* [What to work on] When the line containing "of elements of" appears in the data below, begin copying there and stop only after the line containing "Section FoldIntoOrFix.".

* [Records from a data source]
=== Begin Enclosure ===
(* Let $(M,\cdot,1)$ be a monoid and $\Sigma$ a finite alphabet. Let $A1,\dots,An$ be $n\ge1$ minimal and transition-equalized $M$-DFAs, and for each $k$ let $(g_{Ak},f_{Ak})$ be the natural factorization on $L$ induced by $Ak$ (for some selection function). Let $(g,f)=(g_{A1},f_{A1})\ast(g_{A2},f_{A2})\ast\cdots\ast(g_{An},f_{An})$. Then $$\mathrm{RcgCap}^{(g,f)}_L\supseteq\bigcup_{k=1}^n\mathrm{RcgCap}^{(g_{Ak},f_{Ak})}_L.$$
   Context: $L$ is the set of all functions $\Sigma^*\to M$; $\varepsilon$ the empty word; $(m\cdot\ell)(\gamma)=m\cdot\ell(\gamma)$; $\Delta_\alpha(\ell)(\gamma)=\ell(\alpha\gamma)$. A factorization on $L$ is a pair $g:L\to M$, $f:L\to L$ with $g(\ell)\cdot f(\ell)=\ell$. The composition is $(g_1,f_1)\ast(g_2,f_2)=(g_1\cdot(g_2\circ f_1),f_2\circ f_1)$ with $(g\cdot g')(\ell)=g(\ell)\cdot g'(\ell)$ (associative). Define $S^{(g,f)}_\varepsilon=\mathrm{id}_L$, $S^{(g,f)}_{\alpha\sigma}=f\circ\Delta_\sigma\circ S^{(g,f)}_\alpha$. $\mathrm{RcgCap}^{(g,f)}_L$ is the set of $\ell\in L$ such that $\{S^{(g,f)}_\alpha(f(\ell))\mid\alpha\in\Sigma^*\}$ is finite (equivalently, the automaton $N^{(g,f)}(f(\ell),1)$ with these states is an $M$-DFA). An $M$-DFA is $A=(Q,\Sigma,u,i_u,\delta,w,\rho)$ with $Q$ finite nonempty, initial state $u$, initial value $i_u\in M$, $\delta:Q\times\Sigma\to Q$, $w:Q\times\Sigma\to M$, $\rho:Q\to M$; with $q\alpha$ the extended transition and $w^*(q,\varepsilon)=1$, $w^*(q,\alpha\sigma)=w^*(q,\alpha)\cdot w(q\alpha,\sigma)$, $\mathcal{A}(\alpha)=i_u\cdot w^*(u,\alpha)\cdot\rho(u\alpha)$ is its language and $\mathcal{A}_q(\alpha)=w^*(q,\alpha)\cdot\rho(q\alpha)$. Minimal: no $M$-DFA with the same language has fewer states. Transition-equalized: $\Delta_\sigma(\mathcal{A}_q)=\Delta_\tau(\mathcal{A}_p)$ implies $\delta(q,\sigma)=\delta(p,\tau)$ and $w(q,\sigma)=w(p,\tau)$. Natural factorization induced by $A$: $P_A=\{((\sigma,q),\Delta_\sigma(\mathcal{A}_q))\mid\sigma\in\Sigma,q\in Q\}\cup\{((\varepsilon,u),\mathcal{A})\}$, with elements equivalent iff their language components are equal; a selection function $\pi$ chooses a representative per class, always $((\varepsilon,u),\mathcal{A})$ for its class. $f_A(\mathcal{A})=\mathcal{A}_u$, $g_A(\mathcal{A})=i_u$; if $\ell\neq\mathcal{A}$ is the language component of a class with representative $((\sigma,q),\Delta_\sigma(\mathcal{A}_q))$, then $f_A(\ell)=\mathcal{A}_{q\sigma}$, $g_A(\ell)=w(q,\sigma)$; otherwise $f_A(\ell)=\ell$, $g_A(\ell)=1$. *)

From Stdlib Require Import ClassicalEpsilon.
From mathcomp Require Import all_boot.

Set Implicit Arguments.
Unset Strict Implicit.
Unset Printing Implicit Defensive.

Record monoid := Monoid {
  mcar :> Type;
  mmul : mcar -> mcar -> mcar;
  mone : mcar;
  mmulA : forall x y z, mmul x (mmul y z) = mmul (mmul x y) z;
  mmul1l : forall x, mmul mone x = x;
  mmul1r : forall x, mmul x mone = x
}.

Section Defs.
Variables (Mo : monoid) (Sigma : finType).

Definition lang := seq Sigma -> Mo.

Definition scal (m : Mo) (l : lang) : lang := fun g => mmul m (l g).
Definition Delta (a : Sigma) (l : lang) : lang := fun g => l (a :: g).

Definition fact := ((lang -> Mo) * (lang -> lang))%type.

Definition is_factorization (gf : fact) : Prop :=
  forall l, scal (gf.1 l) (gf.2 l) = l.

Definition comp (gf1 gf2 : fact) : fact :=
  (fun l => mmul (gf1.1 l) (gf2.1 (gf1.2 l)), fun l => gf2.2 (gf1.2 l)).

(* n-fold composition of a nonempty list (comp is associative) *)
Definition comp_list (s : seq fact) : fact :=
  match s with
  | [::] => (fun _ => mone Mo, fun l => l)
  | x :: s' => foldl comp x s'
  end.

Definition Sop (gf : fact) (al : seq Sigma) (l : lang) : lang :=
  foldl (fun l' a => gf.2 (Delta a l')) l al.

Definition RcgCap (gf : fact) (l : lang) : Prop :=
  exists s : list lang, forall al, List.In (Sop gf al (gf.2 l)) s.

Record DFA := MkDFA {
  st : finType;
  init : st;
  iinit : Mo;
  delta : st -> Sigma -> st;
  wt : st -> Sigma -> Mo;
  rho : st -> Mo
}.

Definition dstar (A : DFA) (q : st A) (al : seq Sigma) : st A :=
  foldl (@delta A) q al.

Definition wstar (A : DFA) (q : st A) (al : seq Sigma) : Mo :=
  (foldl (fun (pm : st A * Mo) a => (delta pm.1 a, mmul pm.2 (wt pm.1 a)))
         (q, mone Mo) al).2.

Definition dlang (A : DFA) : lang :=
  fun al => mmul (mmul (iinit A) (wstar (init A) al)) (rho (dstar (init A) al)).

Definition dlangq (A : DFA) (q : st A) : lang :=
  fun al => mmul (wstar q al) (rho (dstar q al)).

Definition minimal (A : DFA) : Prop :=
  forall B : DFA, dlang B = dlang A -> #|st A| <= #|st B|.

Definition trans_equalized (A : DFA) : Prop :=
  forall (q p : st A) (a b : Sigma),
    Delta a (dlangq q) = Delta b (dlangq p) ->
    delta q a = delta p b /\ wt q a = wt p b.

(* Selection function: for each language l, the representative of the class
   of elements of P_A whose language component is l.  [Some (a,q)] stands for
   ((a,q), Delta_a(A_q)); the representative ((eps,u), A) of the class of A
   is handled separately in the definition of the natural factorization. *)
Definition selfun (A : DFA) := lang -> option (Sigma * st A).

Definition selection (A : DFA) (pi : selfun A) : Prop :=
  forall l,
    (forall a q, pi l = Some (a, q) -> Delta a (dlangq q) = l) /\
    ((exists (a : Sigma) (q : st A), Delta a (dlangq q) = l) -> pi l <> None).

Definition nat_f (A : DFA) (pi : selfun A) (l : lang) : lang :=
  if excluded_middle_informative (l = dlang A) then dlangq (init A)
  else match pi l with
       | Some (a, q) => dlangq (delta q a)
       | None => l
       end.

Definition nat_g (A : DFA) (pi : selfun A) (l : lang) : Mo :=
  if excluded_middle_informative (l = dlang A) then iinit A
  else match pi l with
       | Some (a, q) => wt q a
       | None => mone Mo
       end.

Definition nat_fact (A : DFA) (pi : selfun A) : fact := (nat_g pi, nat_f pi).

End Defs.

(* The composite f = f_n o ... o f_1 of the natural factorizations either
   sends a language into the finite set of state languages A_k,q of the
   automata, or fixes it, as does every f_k: each f_k maps the languages it
   acts on to state languages of A_k and is the identity elsewhere.  The set
   of state languages absorbs the orbit of f: Delta_a of a state language of
   A_j is a language component of P_{A_j}, so the selection function makes f_j
   act on it, and f sends it back to a state language.  Hence each
   S_alpha(f l) is a state language or equals the corresponding element of the
   orbit of f_k l, and finiteness transfers from f_k to f. *)

From Stdlib Require Import ClassicalEpsilon.
From Stdlib Require List.
From mathcomp Require Import all_boot.

Set Implicit Arguments.
Unset Strict Implicit.
Unset Printing Implicit Defensive.

Lemma mem_In (T : eqType) (x : T) (s : seq T) : x \in s -> List.In x s.
Proof.
elim: s => [|y s IH] //=; rewrite inE => /orP [/eqP ->|/IH]; by [left|right].
Qed.

Section FoldIntoOrFix.

Variables (X : Type) (I : eqType) (P : X -> Prop) (f : I -> X -> X).
Hypothesis f_into_or_fix : forall k y, P (f k y) \/ f k y = y.

Lemma foldl_stays ks y : P y -> P (foldl (fun y k => f k y) y ks).
Proof.
elim: ks y => [|k ks IH] y //= Py; apply: IH.
by case: (f_into_or_fix k y) => [|->].
Qed.

Lemma foldl_into_or_fix ks y :
  P (foldl (fun y k => f k y) y ks) \/
  foldl (fun y k => f k y) y ks = y /\ {in ks, forall k, f k y = y}.
Proof.
elim: ks y => [|k ks IH] y /=; first by right.
case: (f_into_or_fix k y) => [Pky|fix_k]; first by left; apply: foldl_stays.
rewrite fix_k; case: (IH y) => [|[-> fix_ks]]; first by left.
by right; split=> // j; rewrite inE => /orP [/eqP ->|/fix_ks].
Qed.

Lemma foldl_into ks k y :
  k \in ks -> P (f k y) -> P (foldl (fun y k => f k y) y ks).
Proof.
move=> ks_k Pky; case: (foldl_into_or_fix ks y) => [//|[-> fix_ks]].
by rewrite -(fix_ks k ks_k).
Qed.

End FoldIntoOrFix.

Section Factorizations.

Variables (Mo : monoid) (Sigma : finType).
Implicit Types (gf : fact Mo Sigma) (l y : lang Mo Sigma).

Lemma comp_list_snd (I : Type) (F : I -> fact Mo Sigma) ks y :
  (comp_list [seq F k | k <- ks]).2 y = foldl (fun y k => (F k).2 y) y ks.
Proof.
case: ks => [|k ks] //=; elim: ks (F k) y => [|k' ks IH] gf y //=.
by rewrite IH.
Qed.

Lemma Sop_into_or_eq (P : lang Mo Sigma -> Prop) gf gf' :
  (forall y, P (gf.2 y) \/ gf.2 y = gf'.2 y) ->
  (forall a y, P y -> P (gf.2 (Delta a y))) ->
  forall al y y', P y \/ y = y' -> P (Sop gf al y) \/ Sop gf al y = Sop gf' al y'.
Proof.
move=> into_or_eq absorb; rewrite /Sop.
elim=> [|a al IH] y y' //= Py; apply: IH.
by case: Py => [Py|<-]; [left; apply: absorb|apply: into_or_eq].
Qed.

Lemma RcgCap_of_into_or_eq (P : lang Mo Sigma -> Prop) (s : seq (lang Mo Sigma))
    gf gf' l :
  (forall y, P y -> List.In y s) ->
  (forall y, P (gf.2 y) \/ gf.2 y = gf'.2 y) ->
  (forall a y, P y -> P (gf.2 (Delta a y))) ->
  RcgCap gf' l -> RcgCap gf l.
Proof.
move=> cover into_or_eq absorb [t orbit_t]; exists (s ++ t) => al.
apply/List.in_or_app.
case: (Sop_into_or_eq into_or_eq absorb al (into_or_eq l)) => [/cover|->].
  by left.
by right; apply: orbit_t.
Qed.

End Factorizations.

Section NaturalFactorization.

Variables (Mo : monoid) (Sigma : finType) (A : DFA Mo Sigma) (pi : selfun A).

Lemma nat_f_state_or_id y :
  (exists q : st A, nat_f pi y = dlangq q) \/ nat_f pi y = y.
Proof.
rewrite /nat_f; case: excluded_middle_informative => ?.
  by left; exists (init A).
by case: (pi y) => [[a q]|]; [left; exists (delta q a)|right].
Qed.

Lemma nat_f_Delta_state : selection pi ->
  forall a (q : st A), exists q' : st A, nat_f pi (Delta a (dlangq q)) = dlangq q'.
Proof.
move=> sel a q; rewrite /nat_f; case: excluded_middle_informative => ?.
  by exists (init A).
case pi_Delta: (pi _) => [[b p]|]; first by exists (delta p b).
have [_ covered] := sel (Delta a (dlangq q)).
by case: (covered _ pi_Delta); exists a, q.
Qed.

End NaturalFactorization.

Section StateLanguages.

Variables (Mo : monoid) (Sigma : finType) (I : finType) (A : I -> DFA Mo Sigma).

Definition state_lang (y : lang Mo Sigma) : Prop :=
  exists k (q : st (A k)), y = dlangq q.

Definition state_langs : seq (lang Mo Sigma) :=
  List.flat_map (fun k => List.map (@dlangq _ _ (A k)) (enum (st (A k)))) (enum I).

Lemma state_langs_cover y : state_lang y -> List.In y state_langs.
Proof.
case=> k [q ->]; apply/List.in_flat_map; exists k.
by split; [|apply: List.in_map]; apply: mem_In; rewrite mem_enum.
Qed.

End StateLanguages.

Theorem lemma7 (Mo : monoid) (Sigma : finType) (n : nat)
  (A : 'I_n.+1 -> DFA Mo Sigma)
  (pi : forall k : 'I_n.+1, selfun (A k))
  (Hmin : forall k, minimal (A k))
  (Hte : forall k, trans_equalized (A k))
  (Hpi : forall k, selection (pi k))
  (l : lang Mo Sigma) :
  (exists k : 'I_n.+1, RcgCap (nat_fact (pi k)) l) ->
  RcgCap (comp_list [seq nat_fact (pi k) | k <- enum 'I_n.+1]) l.
Proof.
have f_into_or_fix j y : state_lang A (nat_f (pi j) y) \/ nat_f (pi j) y = y.
  by case: (nat_f_state_or_id (pi j) y) => [[q ->]|]; [left; exists j, q|right].
case=> k; apply: (RcgCap_of_into_or_eq (@state_langs_cover _ _ _ A));
  [move=> y|move=> a _ [j [q ->]]]; rewrite comp_list_snd.
- case: (foldl_into_or_fix f_into_or_fix (enum 'I_n.+1) y) => [|[-> fix_all]];
    first by left.
  by right; rewrite /= fix_all ?mem_enum.
- apply: (foldl_into f_into_or_fix (mem_enum _ j)).
  by have [q' ->] := nat_f_Delta_state (Hpi j) a q; exists j, q'.
Qed.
=== End Enclosure ===
* [Response to this task]
   of elements of P_A whose language component is l.  [Some (a,q)] stands for
   ((a,q), Delta_a(A_q)); the representative ((eps,u), A) of the class of A
   is handled separately in the definition of the natural factorization. *)
Definition selfun (A : DFA) := lang -> option (Sigma * st A).

Definition selection (A : DFA) (pi : selfun A) : Prop :=
  forall l,
    (forall a q, pi l = Some (a, q) -> Delta a (dlangq q) = l) /\
    ((exists (a : Sigma) (q : st A), Delta a (dlangq q) = l) -> pi l <> None).

Definition nat_f (A : DFA) (pi : selfun A) (l : lang) : lang :=
  if excluded_middle_informative (l = dlang A) then dlangq (init A)
  else match pi l with
       | Some (a, q) => dlangq (delta q a)
       | None => l
       end.

Definition nat_g (A : DFA) (pi : selfun A) (l : lang) : Mo :=
  if excluded_middle_informative (l = dlang A) then iinit A
  else match pi l with
       | Some (a, q) => wt q a
       | None => mone Mo
       end.

Definition nat_fact (A : DFA) (pi : selfun A) : fact := (nat_g pi, nat_f pi).

End Defs.

(* The composite f = f_n o ... o f_1 of the natural factorizations either
   sends a language into the finite set of state languages A_k,q of the
   automata, or fixes it, as does every f_k: each f_k maps the languages it
   acts on to state languages of A_k and is the identity elsewhere.  The set
   of state languages absorbs the orbit of f: Delta_a of a state language of
   A_j is a language component of P_{A_j}, so the selection function makes f_j
   act on it, and f sends it back to a state language.  Hence each
   S_alpha(f l) is a state language or equals the corresponding element of the
   orbit of f_k l, and finiteness transfers from f_k to f. *)

From Stdlib Require Import ClassicalEpsilon.
From Stdlib Require List.
From mathcomp Require Import all_boot.

Set Implicit Arguments.
Unset Strict Implicit.
Unset Printing Implicit Defensive.

Lemma mem_In (T : eqType) (x : T) (s : seq T) : x \in s -> List.In x s.
Proof.
elim: s => [|y s IH] //=; rewrite inE => /orP [/eqP ->|/IH]; by [left|right].
Qed.

Section FoldIntoOrFix.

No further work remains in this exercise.